Met dien verstande dat:

      1. tenminste 50% van het bouwperceel dat buiten het bouwvlak is gelegen onbebouwd en onoverdekt blijft;

      2. de oppervlakte van de bijbehorende bouwwerken die op dat gedeelte van het bouwperceel zijn of worden gebouwd, waar het hoofdgebouw nog volgens het bepaalde in artikel 8.2.1 onder a. als hoofdgebouw vergroot kan worden, niet wordt gerekend tot de gezamenlijke oppervlakte aan bijbehorende bouwwerken.

  1. afwijkingen in maten en afmetingen zoals die bestaan op het tijdstip van terinzagelegging van het ontwerpbestemmingsplan mogen worden gehandhaafd mits gebouwd met vergunning of in overeenstemming met het hiervoor geldende bestemmingsplan.

 

8.2.3 Bouwwerken, geen gebouwen zijnde

Binnen deze bestemming mogen bouwwerken, geen gebouwen zijnde ten dienste van deze bestemming worden gebouwd, met inachtneming van de volgende bepalingen:

  1. de bouwhoogte van bouwwerken ten behoeve van verlichting bedraagt maximaal 10 meter;

  2. de bouwhoogte van vlaggenmasten bedraagt maximaal 8 meter;

  3. de bouwhoogte van reclamemasten bedraagt maximaal 6 meter;

  4. de bouwhoogte in de overige gevallen bedraagt maximaal 1 meter indien vóór de voorgevel van het hoofdgebouw of het verlengde daarvan wordt gebouwd, achter de voorgevel bedraagt de bouwhoogte maximaal 2 meter.

 

8.3 Nadere eisen

Burgemeester en wethouders kunnen nadere eisen stellen aan de plaats en afmeting van de bebouwing, ten behoeve van:

  1. een samenhangend straat en bebouwingsbeeld;

  2. de verkeersveiligheid;

  3. de milieusituatie;

  4. de sociale veiligheid;

  5. de gebruiksmogelijkheden van de aangrenzende gronden.

 

8.4 Afwijken van de bouwregels

 

8.4.1 Afwijken met betrekking tot bijbehorende bouwwerken

  1. Burgemeester en wethouders kunnen bij een omgevingsvergunning afwijken van het bepaalde in artikel 8.2.2:

    1. onder a. en toestaan dat een kap op aangebouwde bijbehorende bouwwerken wordt geplaatst, mits de aangebouwde bijbehorende bouwwerken ondergeschikt blijven aan het hoofdgebouw, met dien verstande dat:

      1. de nok van het aangebouwd bijbehorend bouwwerk maximaal 6.60 m bedraagt, waarbij de nok van het aangebouwd bijbehorend bouwwerk minimaal 2 meter onder de nok van het hoofdgebouw blijft;

      2. de goothoogte van het aangebouwd bijbehorend bouwwerk maximaal 3.30 m bedraagt, waarbij deze goothoogte niet meer bedraagt dan de goothoogte van het hoofdgebouw.

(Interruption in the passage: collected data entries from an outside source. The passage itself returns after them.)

(* $\gamma^{L-ID}(\mathcal{S})=\frac{3}{11}$: every local identifying code in the square grid has density at least $3/11$, and there is a local identifying code in the square grid of density $3/11$.
   Context: The square grid $\mathcal{S}$ has vertex set $\mathbb{Z}^2$, with $\mathbf{u},\mathbf{v}$ adjacent iff $\mathbf{u}-\mathbf{v}\in\{(\pm1,0),(0,\pm1)\}$. For a nonempty $C\subseteq\mathbb{Z}^2$ and vertex $\mathbf{u}$, $I(\mathbf{u})=N[\mathbf{u}]\cap C$ where $N[\mathbf{u}]$ is the closed neighbourhood. $C$ is a local identifying code if $I(\mathbf{u})\ne\emptyset$ for all $\mathbf{u}$ and $I(\mathbf{u})\ne I(\mathbf{v})$ for all adjacent $\mathbf{u},\mathbf{v}$. The density of $C$ is $D(C)=\limsup_{n\to\infty}|C\cap Q_n|/|Q_n|$ with $Q_n=\{(i,j)\in\mathbb{Z}^2:|i|\le n,|j|\le n\}$. $\gamma^{L-ID}(G)$ denotes the smallest density of a local identifying code in $G$. *)

From Stdlib Require Import Reals ZArith List.
From Coquelicot Require Import Coquelicot.
Open Scope R_scope.

Definition vertex := (Z * Z)%type.

Definition adj (u v : vertex) : Prop :=
  let dx := (fst u - fst v)%Z in let dy := (snd u - snd v)%Z in
  (dx = 1%Z /\ dy = 0%Z) \/ (dx = (-1)%Z /\ dy = 0%Z) \/
  (dx = 0%Z /\ dy = 1%Z) \/ (dx = 0%Z /\ dy = (-1)%Z).

Definition closed_nbhd (u w : vertex) : Prop := w = u \/ adj u w.

Definition code := vertex -> bool.

Definition Iset (C : code) (u : vertex) (w : vertex) : Prop :=
  closed_nbhd u w /\ C w = true.

Definition local_identifying_code (C : code) : Prop :=
  (exists w, C w = true) /\
  (forall u, exists w, Iset C u w) /\
  (forall u v, adj u v -> ~ (forall w, Iset C u w <-> Iset C v w)).

(* Q_n = {(i,j) : |i| <= n, |j| <= n} enumerated as a list *)
Definition Zrange (n : nat) : list Z :=
  map (fun k => (Z.of_nat k - Z.of_nat n)%Z) (seq 0 (2 * n + 1)).
Definition Qn (n : nat) : list vertex := list_prod (Zrange n) (Zrange n).

Definition count_in_Qn (C : code) (n : nat) : nat :=
  length (filter C (Qn n)).

Definition density (C : code) : Rbar :=
  LimSup_seq (fun n => INR (count_in_Qn C n) / INR (length (Qn n))).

    2. onder e. voor de vermindering van de voorgeschreven afstand tot de voorgevel tot 1 meter.

  2. De vergunning als bedoeld in lid a. kan slechts verleend worden, wanneer:

    1. de bebouwingskarakteristiek van de straat en de gebruiksmogelijkheden van de aangrenzende gronden en bouwwerken niet onevenredig worden aangetast;

    2. geen blijvende onevenredige afbreuk wordt gedaan aan de stedenbouwkundige structuur en/of de ruimtelijke kwaliteiten van het gebied;

    3. geen verkeersonveilige situaties ontstaan.

 

8.4.2 Afwijken met betrekking tot bouwwerken, geen gebouwen zijnde

  1. Burgemeester en wethouders kunnen bij een omgevingsvergunning afwijken van het bepaalde in artikel 8.2.3:

    1. onder d. tot verhoging van de bouwhoogte achter de voorgevel tot maximaal 3 meter.

  2. De vergunning als bedoeld in lid a. kan slechts verleend worden, indien:

    1. de bebouwingskarakteristiek van de straat en de gebruiksmogelijkheden van de aangrenzende gronden en bouwwerken niet onevenredig worden aangetast;

    2. geen blijvende onevenredige afbreuk wordt gedaan aan de stedenbouwkundige structuur en/of de ruimtelijke kwaliteiten van het gebied;

    3. geen verkeersonveilige situaties ontstaan.

 

8.5 Specifieke gebruiksregels

Het is verboden de in deze bestemming begrepen gronden en de daarop voorkomende opstallen te gebruiken of in gebruik te geven of te laten voor een doel of op een wijze strijdig met deze bestemming. Onder strijdig gebruik wordt in ieder geval verstaan:

  1. het opslaan van onklare voer- en vaartuigen of onderdelen daarvan en het plaatsen of geplaatst houden van onderkomens, voor zover dit geen onderdeel uitmaakt van de bedrijfsactiviteiten;

  2. het opslaan of opgeslagen houden, storten of lozen van puin, vuil of andere vaste of vloeibare afvalstoffen op de onbebouwde gronden, voor zover dit geen onderdeel uitmaakt van de bedrijfsactiviteiten;

  3. detailhandel;

  4. horeca.

 

8.6 Afwijken van de gebruiksregels

Burgemeester en wethouders kunnen bij een omgevingsvergunning afwijken van het bepaalde in artikel 8.5, indien strikte toepassing daarvan zou leiden tot een beperking van het meest doelmatige gebruik, welke beperking niet door dringende redenen wordt gerechtvaardigd.